A little over 60% of Malaysia’s 32m citizens are Muslims, mainly ethnic Malays. Most of the rest—including Malaysians of Chinese and Indian descent, as well as various indigenous tribes—are Buddhist, Christian, Hindu or not religious. A constitution propagated at the end of British rule in 1957 guarantees non-Malays the right to follow a religion of their choosing, while also proclaiming, “Islam is the religion of the Federation.”

That compromise has spurred endless debate over how far the government should patronise the faith of the majority. The United Malays National Organisation (UMNO), the outfit that has led Malaysia’s ruling coalitions since independence, found religion in the 1980s while fending off a challenge from a pious opposition party. Mahathir Mohamad, UMNO president and prime minister from 1981 to 2003, claimed that Malaysia was an “Islamic country”. His government created a department within the prime minister’s office to regulate and promote Islam.

Malaysian Islam has grown increasingly conservative in the years since, influenced by austere theologies from the Middle East. Its promotion is a particular preoccupation of Malay nationalists, who insist the country’s minorities have secured an unfair helping of its wealth. (Chinese and Indian Malaysians do better in school and tend to earn more.) Meanwhile the country’s Islamic bureaucracy has expanded at both the federal and state level. Religious officials occasionally raid hotels in search of unmarried Muslim couples and other deviants (Justice for Sisters, a campaign group, says that at least 63 transgender women were arrested between January and May); Shia Muslims are also persecuted. A ruling in August reiterated that Malaysian Muslims may not leave the faith without the consent of the Islamic authorities, who never give it.
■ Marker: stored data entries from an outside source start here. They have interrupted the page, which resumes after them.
(* Let $G=(V,E)$ be an undirected, unweighted, 2-edge-connected graph and let $T$ be a spanning tree of $G$. Then for every edge $e$ of $T$ there exists a set $C\subseteq S_e$ with $|C|\le 6$ such that for every swap edge $f\in S_e$, $C$ contains an edge that is critical for $f$.
   Context: $d_T(u,v)$ denotes the number of edges on the unique path between $u$ and $v$ in the tree $T$. For an edge $e$ of $T$, let $X$ and $Y=V\setminus X$ be the vertex sets of the two connected components of $T-e$. The set $S_e$ of swap edges of $e$ consists of all edges of $E\setminus\{e\}$ with one endpoint in $X$ and the other in $Y$; each swap edge is written $(u,v)$ with $u\in X$, $v\in Y$. For $f=(x,y)\in S_e$, let $T_{e/f}$ be the tree obtained from $T$ by replacing $e$ with $f$; for $g=(a,b)\in S_e$ one has $d_{T_{e/f}}(a,b)=d_T(x,a)+1+d_T(b,y)$. An edge $g=(a,b)\in S_e$ is called critical for $f=(x,y)\in S_e$ if $$d_T(x,a)+1+d_T(b,y)=\max_{(a'',b'')\in S_e}\big(d_T(x,a'')+1+d_T(b'',y)\big),$$ i.e. $g$ attains the maximum stretch of $T_{e/f}$ over the swap edges of $e$. *)

From mathcomp Require Import all_boot.
Set Implicit Arguments. Unset Strict Implicit. Unset Printing Implicit Defensive.

(* A simple undirected graph on a finite vertex type V is a symmetric,
   irreflexive relation g : rel V (g u v means {u,v} is an edge). *)
Definition simple_graph (V : finType) (g : rel V) : Prop :=
  symmetric g /\ irreflexive g.

Definition rem_edge (V : finType) (r : rel V) (a b : V) : rel V :=
  [rel u v | r u v && ~~ (((u == a) && (v == b)) || ((u == b) && (v == a)))].

Definition connected_graph (V : finType) (g : rel V) : Prop :=
  forall u v, connect g u v.

Definition two_edge_connected (V : finType) (g : rel V) : Prop :=
  connected_graph g /\ forall a b, g a b -> connected_graph (rem_edge g a b).

Definition acyclic (V : finType) (t : rel V) : Prop :=
  forall (x : V) (p : seq V), path t x p -> uniq (x :: p) -> 2 <= size p ->
    ~~ t (last x p) x.

Definition spanning_tree (V : finType) (g t : rel V) : Prop :=
  [/\ simple_graph t, subrel t g, connected_graph t & acyclic t].

Definition walk_n (V : finType) (t : rel V) (u v : V) (n : nat) : bool :=
  [exists p : n.-tuple V, path t u p && (last u p == v)].

(* d_t(u,v): the number of edges of a shortest path from u to v in t; in a
   tree this is the number of edges of the unique u-v path.  (Equals #|V| if
   v is unreachable, which does not happen for a spanning tree.) *)
Definition dist (V : finType) (t : rel V) (u v : V) : nat :=
  find (walk_n t u v) (iota 0 #|V|).

(* For the tree edge e = (x0,y0): X = component of x0 in t - e, Y = V \ X. *)
Definition sideX (V : finType) (t : rel V) (x0 y0 : V) : {set V} :=
  [set w | connect (rem_edge t x0 y0) x0 w].

(* Swap edges S_e, written (u,v) with u in X, v in Y. *)
Definition swap_edges (V : finType) (g t : rel V) (x0 y0 : V) : {set V * V} :=
  [set f | [&& g f.1 f.2, f.1 \in sideX t x0 y0, f.2 \notin sideX t x0 y0
             & f != (x0, y0)]].

Definition stretch (V : finType) (t : rel V) (f h : V * V) : nat :=
  dist t f.1 h.1 + 1 + dist t h.2 f.2.

Definition critical (V : finType) (g t : rel V) (x0 y0 : V) (f h : V * V) : Prop :=
  stretch t f h = \max_(h' in swap_edges g t x0 y0) stretch t f h'.

From mathcomp Require Import all_boot zify.
Set Implicit Arguments. Unset Strict Implicit. Unset Printing Implicit Defensive.

(* Up to symmetry, the stretch of a swap edge h for f = (x, y) is D(f, h) + 1,
   where D is the sum of the tree distances between first and between second
   endpoints.  A tree metric is 0-hyperbolic: its Gromov products at any base
   point, computed as lengths of common prefixes of root paths, form an
   ultrametric.  For such a metric, take a D-diametral pair h1, h2 of swap
   edges and the swap edges h3, h4 farthest from the two "mixed corners"
   (h1.1, h2.2) and (h2.1, h1.2); a case analysis on the isosceles triangles of
   Gromov products shows that every D-farthest-point query is answered by one
   of h1, ..., h4.  So four critical edges suffice. *)

Section Distance.
Variables (V : finType) (t : rel V).
Hypothesis tsym : symmetric t.
Hypothesis tconn : connected_graph t.

Local Notation d := (dist t).

Lemma walk_nP u v n :
  reflect (exists p : seq V, [/\ path t u p, last u p = v & size p = n])
          (walk_n t u v n).
Proof.
apply: (iffP existsP) => [[p /andP[pp /eqP pl]] | [p [pp pl ps]]].
  by exists (val p); rewrite size_tuple.
have sp : size p == n by apply/eqP.
by exists (Tuple sp); rewrite /= pp pl eqxx.
Qed.

Lemma dist_le_size u v p : path t u p -> last u p = v -> d u v <= size p.
Proof.
move=> pp pl; rewrite /dist; case: (ltnP (size p) #|V|) => Hp.
  rewrite leqNgt; apply/negP => /(before_find 0); rewrite nth_iota // add0n.
  by have -> : walk_n t u v (size p) by apply/walk_nP; exists p.
by apply: leq_trans (find_size _ _) _; rewrite size_iota.
Qed.

Lemma dist_shortest_path u v :
  exists p, [/\ path t u p, last u p = v & size p = d u v].
Proof.
have /connectP [p pp ->] := tconn u v.
case: (shortenP pp) => p' pp' up' _.
have sp : size p' < #|V| by have := max_card (mem (u :: p')); rewrite (card_uniqP up').
have hw : has (walk_n t u (last u p')) (iota 0 #|V|).
  by apply/hasP; exists (size p'); [rewrite mem_iota | apply/walk_nP; exists p'].
have := nth_find 0 hw; rewrite nth_iota; last by move: hw; rewrite has_find size_iota.
by rewrite add0n => /walk_nP.
Qed.

Lemma dist_triangle u v w : d u w <= d u v + d v w.
Proof.
have [p [pp pl <-]] := dist_shortest_path u v.
have [q [qp ql <-]] := dist_shortest_path v w.
rewrite -size_cat; apply: dist_le_size; first by rewrite cat_path pp pl qp.
by rewrite last_cat pl.
Qed.

Lemma dist_eq0 u v : d u v = 0 -> u = v.
Proof. by have [[|? ?] [_ <- <-]] := dist_shortest_path u v. Qed.

Lemma dist_edge u v : t u v -> d u v <= 1.
Proof. by move=> tuv; apply: (@dist_le_size _ _ [:: v]); rewrite //= tuv. Qed.

Lemma dist_sym u v : d u v = d v u.
Proof.
suff le_d a b : d a b <= d b a by apply/eqP; rewrite eqn_leq !le_d.
have [p [pp pl <-]] := dist_shortest_path b a.
rewrite -pl -(size_belast b p) -size_rev; apply: dist_le_size.
  by move: pp; rewrite rev_path; apply: sub_path => x y /=; rewrite tsym.
by case: (p) => //= x q; rewrite rev_cons last_rcons.
Qed.

End Distance.

Lemma dist0 (V : finType) (t : rel V) u : dist t u u = 0.
Proof. by apply/eqP; rewrite -leqn0 (@dist_le_size _ _ _ _ [::]). Qed.

Fixpoint lcp (T : eqType) (s1 s2 : seq T) : nat :=
  match s1, s2 with
  | x :: s1', y :: s2' => if x == y then (lcp s1' s2').+1 else 0
  | _, _ => 0
  end.

Section LongestCommonPrefix.
Variable T : eqType.
Implicit Types s : seq T.

Lemma lcpC s1 s2 : lcp s1 s2 = lcp s2 s1.
Proof. by elim: s1 s2 => [|x s1 IH] [|y s2] //=; rewrite eq_sym IH. Qed.

Lemma lcp_le_size s1 s2 : lcp s1 s2 <= size s1.
Proof.
by elim: s1 s2 => [|x s1 IH] [|y s2] //=; case: ifP => // _; rewrite ltnS IH.
Qed.

Lemma lcp_id s : lcp s s = size s.
Proof. by elim: s => //= x s ->; rewrite eqxx. Qed.

Lemma take_lcp s1 s2 : take (lcp s1 s2) s1 = take (lcp s1 s2) s2.
Proof.
elim: s1 s2 => [|x s1 IH] [|y s2] //=; case: eqP => [->|] //=.
by rewrite IH.
Qed.

Lemma lcp_rcons s1 s2 x : lcp s1 s2 <= lcp (rcons s1 x) s2 <= (lcp s1 s2).+1.
Proof.
elim: s1 s2 => [|y s1 IH] [|z s2] //=; first by case: ifP.
by case: ifP => // _; rewrite !ltnS.
Qed.

Lemma lcp_min s1 s2 s3 : minn (lcp s1 s2) (lcp s2 s3) <= lcp s1 s3.
Proof.
elim: s1 s2 s3 => [|x s1 IH] [|y s2] [|z s3] //=; rewrite ?minn0 ?min0n //.
case: (x =P y) => [exy|_]; case: (y =P z) => [eyz|_]; rewrite ?minn0 ?min0n //.
by rewrite exy eyz eqxx minnSS ltnS IH.
Qed.

End LongestCommonPrefix.

Section Tree.
Variables (V : finType) (t : rel V).
Hypothesis tsym : symmetric t.
Hypothesis tirr : irreflexive t.
Hypothesis tconn : connected_graph t.
Hypothesis tacyc : acyclic t.

Local Notation d := (dist t).
Local Notation cut u w := (connect (rem_edge t u w)).

Lemma rem_edge_sym u w : symmetric (rem_edge t u w).
Proof.
move=> a b; rewrite /rem_edge /= tsym.
by case: (a == u); case: (b == w); case: (a == w); case: (b == u).
Qed.

Lemma sub_rem_edge u w : subrel (rem_edge t u w) t.
Proof. by move=> a b /andP[]. Qed.

Lemma tree_edge_bridge u w : t u w -> ~~ cut u w u w.
Proof.
move=> tuw; apply/negP => /connectP [p pp pl].
case: (shortenP pp) pl => p' pp' up' _ pl.
have tp' := sub_path (@sub_rem_edge u w) pp'.
case: p' pp' up' tp' pl => [|y [|z q]].
- by move=> _ _ _ /= eu; move: tuw; rewrite eu tirr.
- by move=> /= /andP[/andP[_ H] _] _ _ ey; rewrite -ey !eqxx in H.
- move=> _ up tp pl; have := tacyc tp up (isT : 2 <= size [:: y, z & q]).
  by rewrite -pl tsym tuw.
Qed.
Lemma closed_affine (P : R -> Prop) c :
  closed_set P -> closed_set (fun x => P (10 * x - c)).
Proof.
  intros HP x Hx. destruct (HP _ Hx) as [e [He H]].
  exists (e / 10). split; [lra|]. intros y Hy. apply H.
  replace (10 * y - c - (10 * x - c)) with (10 * (y - x)) by ring.
  rewrite Rabs_mult, Rabs_right by lra. lra.
Qed.

Lemma closed_unit_interval : closed_set (fun x => 0 <= x <= 1).
Proof.
  intros x Hx.
  destruct (Rlt_or_le x 0) as [H|H]; [exists (- x) | exists (x - 1)];
    (split; [lra|]); intros y Hy%Rabs_def2 Hy'; lra.
Qed.

Lemma closed_empty : closed_set (fun _ => False).
Proof. intros x _. exists 1. split; [lra | tauto]. Qed.

Lemma level_closed n : forall Phi, closed_set (level n Phi).
Proof.
  induction n; intro Phi.
  - destruct (classic (exists w, Phi w)) as [[w0 Hw0]|Hno].
    + apply (closed_ext (fun x => 0 <= x <= 1)); [|exact closed_unit_interval].
      intro x; unfold level, cell; simpl; split.
      * intro; exists w0; split; [exact Hw0 | lra].
      * intros [w [_ H]]; lra.
    + apply (closed_ext (fun _ => False)); [|exact closed_empty].
      intro x; split; [tauto|]. intros [w [Hw _]]; eauto.
  - set (cons (b : bool) (w : nat -> bool) := fun i : nat => match i with O => b | S i => w i end).
    apply (closed_ext (fun x => level n (fun w => Phi (cons false w)) (10 * x - digit false)
                             \/ level n (fun w => Phi (cons true w)) (10 * x - digit true))).
    2: apply closed_union; apply closed_affine, IHn.
    intro x; split.
    + intros [[w [Hw H]]|[w [Hw H]]]; eexists; (split; [exact Hw|]); apply cell_S, H.
    + intros [w [Hw H%cell_S]].
      assert (Ew : cons (w O) (shift w) = w).
      { apply functional_extensionality; intros [|i]; reflexivity. }
      rewrite <- Ew in Hw.
      destruct (w O); [right | left]; exists (shift w); split; assumption.
Qed.

Lemma cantor_part_closed Phi : closed_set (cantor_part Phi).
Proof.
  intros x Hx. apply not_all_ex_not in Hx as [n Hn].
  destruct (level_closed n Phi x Hn) as [e [He H]].
  exists e; split; [exact He|]. intros y Hy Py. apply (H y Hy), Py.
Qed.

Lemma cantor_part_sub_cantor Phi x : cantor_part Phi x -> cantor x.
Proof. intros H n. destruct (H n) as [w [_ Hw]]. exists w; split; [exact I | exact Hw]. Qed.

Lemma cantor_part_of_digits Phi w :
  Phi w -> exists y, cantor_part Phi y /\ forall n, cell n w y.
Proof.
  intro Hw. destruct (cell_limit w) as [y Hy].
  exists y; split; [|exact Hy]. intro n. exists w; split; [exact Hw | apply Hy].
Qed.

Lemma cantor_slice_nonempty t : exists x, cantor_slice t x.
Proof.
  destruct (cantor_part_of_digits (even_digits t) (fun i => t (Nat.div2 i))) as [y [Hy _]].
  - intro i. rewrite Nat.div2_double. reflexivity.
  - exists y; exact Hy.
Qed.

(* Flipping the odd digit 2n+1 of a point of the slice gives a different point of the
   slice in the same level-n cell. *)
Lemma cantor_slice_perfect t : perfect_set (cantor_slice t).
Proof.
  split; [apply cantor_part_closed|].
  intros x Hx e He.
  destruct (pow_eventually_lt (/10) e ltac:(lra) He) as [n Hn].
  destruct (Hx n) as [w [Hw Hxw]].
  set (p := (2 * n + 1)%nat).
  set (flip b := fun i => if Nat.eqb i p then b else w i).
  assert (Hflip : forall b, even_digits t (flip b) /\ approx n (flip b) = approx n w).
  { intro b; split.
    - intro i. unfold flip. destruct (Nat.eqb_spec (2 * i) p); [unfold p in *; lia|]. apply Hw.
    - apply approx_prefix. intros i Hi. unfold flip.
      destruct (Nat.eqb_spec i p); [unfold p in *; lia | reflexivity]. }
  destruct (Hflip false) as [Hp1 C1]; destruct (Hflip true) as [Hp2 C2].
  destruct (cantor_part_of_digits _ _ Hp1) as [y1 [Q1 I1]].
  destruct (cantor_part_of_digits _ _ Hp2) as [y2 [Q2 I2]].
  assert (Hne : y1 <> y2).
  { intros <-. assert (E : flip false p = flip true p) by (apply (cell_prefix (S p) _ _ y1); auto).
    unfold flip in E. rewrite Nat.eqb_refl in E. discriminate. }
  pose proof (I1 n) as J1; pose proof (I2 n) as J2. unfold cell in J1, J2, Hxw.
  rewrite C1 in J1; rewrite C2 in J2.
  destruct (Req_dec y1 x) as [<-|E].
  - exists y2. repeat split; [exact Q2 | congruence | apply Rabs_def1; lra].
  - exists y1. repeat split; [exact Q1 | exact E | apply Rabs_def1; lra].
Qed.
In theory Malaysia’s non-Muslims are not subject to religious rules, but the atmosphere often affects them. Hostility towards church-building means that growing Christian congregations are meeting in warehouses and empty shops, says a clergyman. Functionaries in some public buildings have required Malaysians to cover their legs before gaining access to government services. Only last month bureaucrats said they preferred not to let Muslim families hire non-Muslim maids. Critics of religious authorities are often branded anti-Muslim; outspoken ones have sometimes been charged with sedition.

Mr Najib says the government will give secular courts, not Islamic ones, the sole right to rule in divorces when only one spouse is Muslim. That will simplify a handful of cases where people try to game the system. (For example, a divorcing husband converts to Islam on the assumption that the Islamic courts will give him custody of the kids.) Yet broadly Mr Najib is seen to be less independent-minded than his predecessors about religious policy, and more reliant on Islamic advisers.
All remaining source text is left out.